Insurance claims data is messy. Column names have dots in them (incident.severity, claim_amount.total). Dates arrive in two different formats depending on the table. For this particular dataset especially, one table had 1.2 million GPS rows that would possibly melt your warehouse if you forget a filter. And the people who need answers from this data: claims adjusters, underwriters, operations managers, shouldn't need to know any of that.

I built Multi-Agent Framework to bridge that gap: a natural-language SQL agent deployed on Databricks that lets business users ask questions like they would a data analyst, and get back formatted, cited results. But the interesting part isn't the text-to-SQL. It's the architecture underneath, context engineering rooted in progressive disclosure to load relevant data only when necessary, a human-in-the-loop flow that pauses the computation graph, and a feedback loop that continuously improves the agent's responses over time.

This post walks through the design decisions behind each layer, what I learned shipping it to production, and why I think the architecture of skills is the most underrated aspect of building robust agent systems.

Architecture at a Glance

The system is built on four modular layers designed for scalability and precision:

Chat Interface → A React/TypeScript frontend featuring streaming responses and interactive clarification cards. It includes a three-state feedback widget that serves as the primary data source for the agent's continuous learning.

Model Serving Container → A LangGraph agent wrapped in MLflow's Agent protocol and hosted on Databricks Model Serving. Rather than a static prompt, it utilizes context engineering to implement progressive disclosure, ensuring the model only receives the specific metadata and schema context required for the current task.

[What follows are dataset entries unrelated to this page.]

(* Let $C_1,C_2$ be Archimedean $d$-copulas with strict generators $\phi_1,\phi_2$, respectively. If the function $f=\phi_1\circ\phi_2^{-1}:[0,\infty)\to[0,\infty)$ is subadditive near $\infty$, then $C_1\le_{loc}C_2$.
   Context: A generator is a continuous, strictly decreasing function $\phi:[0,1]\to[0,\infty]$ with $\phi(1)=0$; it is strict if $\lim_{s\searrow0}\phi(s)=\infty$, in which case $\phi$ is a bijection $(0,1]\to[0,\infty)$ with inverse $\phi^{-1}$. A $d$-copula $C$ is Archimedean with strict generator $\phi$ if $C(\boldsymbol u)=\phi^{-1}(\sum_{k=1}^d\phi(u_k))$ (with $C(\boldsymbol u)=0$ if some $u_k=0$). A function $f:[0,\infty)\to[0,\infty)$ is subadditive near $\infty$ if there is $M\ge0$ with $f(x+y)\le f(x)+f(y)$ for all $x,y\in[M,\infty)$. $C_1\le_{loc}C_2$ means there is $\varepsilon>0$ with $C_1(\boldsymbol u)\le C_2(\boldsymbol u)$ for all $\boldsymbol u\in B_\varepsilon(\boldsymbol 0)\cap[0,1]^d$ (Euclidean ball). *)

From HB Require Import structures.
From mathcomp Require Import all_boot all_order all_algebra.
From mathcomp Require Import all_classical all_reals all_analysis.
Set Implicit Arguments. Unset Strict Implicit. Unset Printing Implicit Defensive.
Import Order.TTheory GRing.Theory Num.Theory.
Import numFieldNormedType.Exports.
Local Open Scope classical_set_scope.
Local Open Scope ring_scope.

Section Defs.
Variable R : realType.

Definition in_unit_cube (d : nat) (u : 'I_d -> R) : Prop :=
  forall k, 0 <= u k <= 1.

(* A d-copula: a function on [0,1]^d (values outside are irrelevant) which
   is grounded, has uniform one-dimensional margins, and is d-increasing
   (every d-box [a,b] has nonnegative C-volume). *)
Definition copula (d : nat) (C : ('I_d -> R) -> R) : Prop :=
  [/\ (forall u, in_unit_cube u -> (exists k, u k = 0) -> C u = 0),
      (forall u k, in_unit_cube u -> (forall j, j != k -> u j = 1) -> C u = u k) &
      (forall a b, in_unit_cube a -> in_unit_cube b -> (forall k, a k <= b k) ->
        0 <= \sum_(e : {ffun 'I_d -> bool})
               (-1) ^+ #|[set k | ~~ e k]| * C (fun k => if e k then b k else a k))].

(* A strict generator phi : [0,1] -> [0,oo].  Since phi is strict, its
   (infinite) value at 0 is determined by continuity; we represent phi by an
   R-valued function and only use its values on (0,1]. *)
Definition strict_generator (phi : R -> R) : Prop :=
  [/\ {within [set x : R | 0 < x <= 1], continuous phi},
      (forall x y, 0 < x -> x < y -> y <= 1 -> phi y < phi x),
      phi 1 = 0 &
      phi x @[x --> 0^'+] --> +oo].

Definition gen_inv (phi : R -> R) (t : R) : R :=
  xget 1 [set v : R | 0 < v <= 1 /\ phi v = t].

Definition archimedean (d : nat) (C : ('I_d -> R) -> R) (phi : R -> R) : Prop :=
  forall u, in_unit_cube u ->
    C u = if `[< exists k, u k = 0 >] then 0
          else gen_inv phi (\sum_(k < d) phi (u k)).

Definition subadditive_near_infty (f : R -> R) : Prop :=
  exists M : R, 0 <= M /\
    forall x y, M <= x -> M <= y -> f (x + y) <= f x + f y.

Definition copula_le_loc (d : nat) (C1 C2 : ('I_d -> R) -> R) : Prop :=
  exists eps : R, 0 < eps /\
    forall u, in_unit_cube u -> Num.sqrt (\sum_(k < d) u k ^+ 2) < eps ->
      C1 u <= C2 u.

End Defs.

From HB Require Import structures.
From mathcomp Require Import all_boot all_order all_algebra.
From mathcomp Require Import all_classical all_reals all_analysis.
Import Order.TTheory GRing.Theory Num.Theory.
Import numFieldNormedType.Exports.
Set Implicit Arguments.
Unset Strict Implicit.
Local Open Scope classical_set_scope.
Local Open Scope ring_scope.

(* Near the origin every coordinate is small, so every phi2 (u k) is large
   because phi2 blows up at 0.  Writing f = phi1 o phi2^{-1}, subadditivity of
   f on [M, oo) then gives
     phi1 (C2 u) = f (sum_k phi2 (u k)) <= sum_k f (phi2 (u k)) = phi1 (C1 u),
   and since phi1 is decreasing, C1 u <= C2 u. *)

Section StrictGenerator.
Variables (R : realType) (phi : R -> R).

(* Also for t < 0, where [gen_inv] returns its default value 1. *)
Lemma gen_inv_in01 (t : R) : 0 < gen_inv phi t <= 1.
Proof.
by rewrite /gen_inv; case: xgetP => [v _ [] //|_]; rewrite ltr01 lexx.
Qed.

Hypothesis gphi : strict_generator phi.

Lemma strict_generator_ge (A : R) :
  exists2 e : R, 0 < e & forall x, 0 < x -> x < e -> A <= phi x.
Proof.
case: gphi => _ _ _ /cvgryPge/(_ A)/nbhs_ballP[e e0 phiA].
exists e => // x x0 xe; apply: phiA => //.
by rewrite /ball /= sub0r normrN gtr0_norm.
Qed.

Lemma strict_generator_ge0 (v : R) : 0 < v <= 1 -> 0 <= phi v.
Proof.
case: gphi => _ phi_decr phi1 _ /andP[v0].
rewrite le_eqVlt => /orP[/eqP -> | v1]; first by rewrite phi1.
by rewrite -phi1 ltW // phi_decr.
Qed.

Lemma strict_generator_le (x y : R) : 0 < x <= 1 -> 0 < y <= 1 ->
  phi y <= phi x -> x <= y.
Proof.
case: gphi => _ phi_decr _ _ /andP[x0 x1] /andP[y0 y1].
by apply: contraTT; rewrite -!ltNge => /(phi_decr _ _ y0)->.
Qed.

Lemma strict_generator_onto (t : R) : 0 <= t ->
  exists v, 0 < v <= 1 /\ phi v = t.
Proof.
move=> t0; have [e e0 phi_ge_t] := strict_generator_ge t.
case: gphi => phi_cont _ phi1 _.
pose a := Num.min (e / 2) 1.
have a0 : 0 < a by rewrite lt_min ltr01 andbT divr_gt0.
have a1 : a <= 1 by rewrite ge_min lexx orbT.
have ae : a < e by rewrite gt_min ltr_pdivrMr // ltr_pMr // ltr1n.
have [c ac phic] : exists2 c, c \in `[a, 1] & phi c = t.
  apply: IVT => //.
    apply: continuous_subspaceW phi_cont => x /=.
    by rewrite in_itv /= => /andP[ax ->]; rewrite andbT (lt_le_trans a0 ax).
  by rewrite phi1 ge_min t0 orbT le_max phi_ge_t.
move: ac; rewrite in_itv /= => /andP[ac c1].
by exists c; rewrite (lt_le_trans a0 ac) c1.
Qed.

Lemma gen_invP (t : R) : 0 <= t -> phi (gen_inv phi t) = t.
Proof.
move=> /strict_generator_onto ex.
by have [_ ->] := xgetPex 1 (P := [set v | 0 < v <= 1 /\ phi v = t]) ex.
Qed.

Lemma gen_invK (v : R) : 0 < v <= 1 -> gen_inv phi (phi v) = v.
Proof.
move=> v01; have w01 := gen_inv_in01 (phi v).
have phiw : phi (gen_inv phi (phi v)) = phi v.
  by rewrite gen_invP // strict_generator_ge0.
by apply/eqP; rewrite eq_le; apply/andP; split;
  apply: strict_generator_le; rewrite ?phiw.
Qed.

End StrictGenerator.

Lemma subadditive_sum (R : realType) (f : R -> R) (M : R) : 0 <= M ->
  (forall x y, M <= x -> M <= y -> f (x + y) <= f x + f y) ->
  forall n (g : 'I_n -> R), (0 < n)%N -> (forall i, M <= g i) ->
  f (\sum_i g i) <= \sum_i f (g i).
Proof.
move=> M0 f_subadd [//|n] + _; elim: n => [|n IH] g gM.
  by rewrite !big_ord1.
have sum_ge_M k (h : 'I_k.+1 -> R) : (forall i, M <= h i) -> M <= \sum_i h i.
  move=> hM; rewrite big_ord_recl -[M]addr0 lerD //.
  by apply: sumr_ge0 => i _; apply: le_trans (hM _).
rewrite !(big_ord_recr n.+1) /=.
apply: le_trans (f_subadd _ _ (sum_ge_M _ _ (fun i => gM _)) (gM _)) _.
by rewrite lerD2r IH.
Qed.

Lemma normr_le_sqrt_sumsq (R : realType) n (u : 'I_n -> R) k :
  `|u k| <= Num.sqrt (\sum_i u i ^+ 2).
Proof.
rewrite -sqrtr_sqr ler_sqrt; last by rewrite sumr_ge0 // => i _; rewrite sqr_ge0.
by rewrite (bigD1 k) //= lerDl sumr_ge0 // => i _; rewrite sqr_ge0.
Qed.

Lemma gen_inv_sum_le (R : realType) (phi1 phi2 : R -> R) (M : R) d
    (u : 'I_d -> R) :
  strict_generator phi1 -> strict_generator phi2 -> 0 <= M ->
  (forall x y, M <= x -> M <= y -> phi1 (gen_inv phi2 (x + y)) <=
     phi1 (gen_inv phi2 x) + phi1 (gen_inv phi2 y)) ->
  (0 < d)%N -> (forall k, 0 < u k <= 1) -> (forall k, M <= phi2 (u k)) ->
  gen_inv phi1 (\sum_k phi1 (u k)) <= gen_inv phi2 (\sum_k phi2 (u k)).
Proof.
move=> g1 g2 M0 f_subadd d0 u01 uM.
have S1_ge0 : 0 <= \sum_k phi1 (u k).
  by apply: sumr_ge0 => k _; apply: strict_generator_ge0.
apply: (strict_generator_le g1); rewrite ?gen_inv_in01 // gen_invP //.
apply: le_trans
  (subadditive_sum (f := fun x => phi1 (gen_inv phi2 x)) M0 f_subadd d0 uM) _.
by apply: ler_sum => k _; rewrite gen_invK.
Qed.

Theorem mainTheorem12 (R : realType) (d : nat)
    (C1 C2 : ('I_d -> R) -> R) (phi1 phi2 : R -> R) :
  (2 <= d)%N ->
  copula C1 -> copula C2 ->
  strict_generator phi1 -> strict_generator phi2 ->
  archimedean C1 phi1 -> archimedean C2 phi2 ->
  subadditive_near_infty (fun x => phi1 (gen_inv phi2 x)) ->
  copula_le_loc C1 C2.
Proof.
move=> d2 _ _ g1 g2 arch1 arch2 [M [M0 f_subadd]].
have [e e0 phi2_ge_M] := strict_generator_ge g2 M.
exists e; split => // u u01 u_small.
rewrite arch1 // arch2 //; case: ifP => // /negbT/asboolPn u_nz.
have u_pos k : 0 < u k.
  rewrite lt_neqAle eq_sym (andP (u01 k)).1 andbT.
  by apply/eqP => uk0; apply: u_nz; exists k.
have u_lt_e k : u k < e.
  by rewrite -[u k]gtr0_norm // (le_lt_trans (normr_le_sqrt_sumsq _ _)).
apply: (gen_inv_sum_le g1 g2 M0 f_subadd) => [|k|k].
- exact: leq_trans d2.
- by rewrite u_pos (andP (u01 k)).2.
- exact: phi2_ge_M.
Qed.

Memory Systems → Four distinct stores provide deep context: a semantic cache (RAG), episodic memory (PostgresStore) for historical SQL patterns, user preferences, and procedural memory via optimized prompts refined by user feedback.

Data Layer → High-performance Delta tables in Unity Catalog (covering policies, claims, telematics, and accident metadata). These are accessed via a SQL Warehouse with automated health checks and token refreshes to ensure production-grade reliability.

The true power of this system isn't in the individual tools, but in the architecture of skills. By decoupling domain knowledge from the underlying execution logic, we can swap or upgrade “skills”, like specialized insurance logic or complex telematics filtering, without touching the core infrastructure. Furthermore, the context engineering layer ensures we never “melt the warehouse” by over-loading the LLM, while the feedback loop operates asynchronously, allowing the agent to improve its responses over time without adding a single millisecond of latency to the inference call. (We're observing about 14 seconds per call)
Full system architecture → middleware stack, memory systems, tools, and the self-improving feedback loop

The Architecture of Skills: Engineering Context, Not Just Prompts

Most agent tutorials rely on a monolithic “God Prompt.” I wanted a system I could reason about in isolation, where I could add, remove, or reorder capabilities without the entire house of cards collapsing.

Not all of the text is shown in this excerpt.